Collected data:
******************************

(* Let $\mathcal{H}$ be a real Hilbert space and let $f,g\in \Gamma_0(\mathcal{H})$. Suppose that for some $x_0\in \operatorname{dom} f\cap \operatorname{dom} g$, $$\Vert \operatorname{prox}_f(x)-x_0\Vert\leq \Vert \operatorname{prox}_g(x)-x_0\Vert \quad \text{for all } x\in \mathcal{H}.$$ Then $g-g(x_0)\leq f-f(x_0)$ on $\mathcal{H}$.
   Context: $\Gamma_0(\mathcal{H})$ denotes the set of proper, convex, lower semicontinuous functions $\mathcal{H}\to\mathbb{R}\cup\{+\infty\}$. For $f\in\Gamma_0(\mathcal{H})$, $\operatorname{prox}_f(x)=\operatorname{argmin}_{y\in\mathcal{H}}\{f(y)+\tfrac12\Vert x-y\Vert^2\}$ (the minimizer exists and is unique). $\operatorname{dom} f=\{x: f(x)<+\infty\}$. *)

From HB Require Import structures.
From mathcomp Require Import all_boot all_order all_algebra.
From mathcomp Require Import all_classical all_reals all_analysis.
Set Implicit Arguments. Unset Strict Implicit. Unset Printing Implicit Defensive.
Import Order.TTheory GRing.Theory Num.Theory.
Import numFieldNormedType.Exports.
Local Open Scope classical_set_scope.
Local Open Scope ring_scope.

(* A real Hilbert space: a complete normed space E over R whose norm comes
   from an inner product [ip] (symmetric, linear in first argument,
   |x|^2 = <x,x>). *)
Definition is_inner_product (R : realType) (E : normedModType R)
    (ip : E -> E -> R) : Prop :=
  (forall x y, ip x y = ip y x) /\
  (forall (a : R) (x y z : E), ip (a *: x + y) z = a * ip x z + ip y z) /\
  (forall x, `|x| ^+ 2 = ip x x).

******************************

Your assignment:
Return every line above where "Import" appears.

Task answer:
From HB Require Import structures.
From mathcomp Require Import all_boot all_order all_algebra.
From mathcomp Require Import all_classical all_reals all_analysis.
Import Order.TTheory GRing.Theory Num.Theory.
Import numFieldNormedType.Exports.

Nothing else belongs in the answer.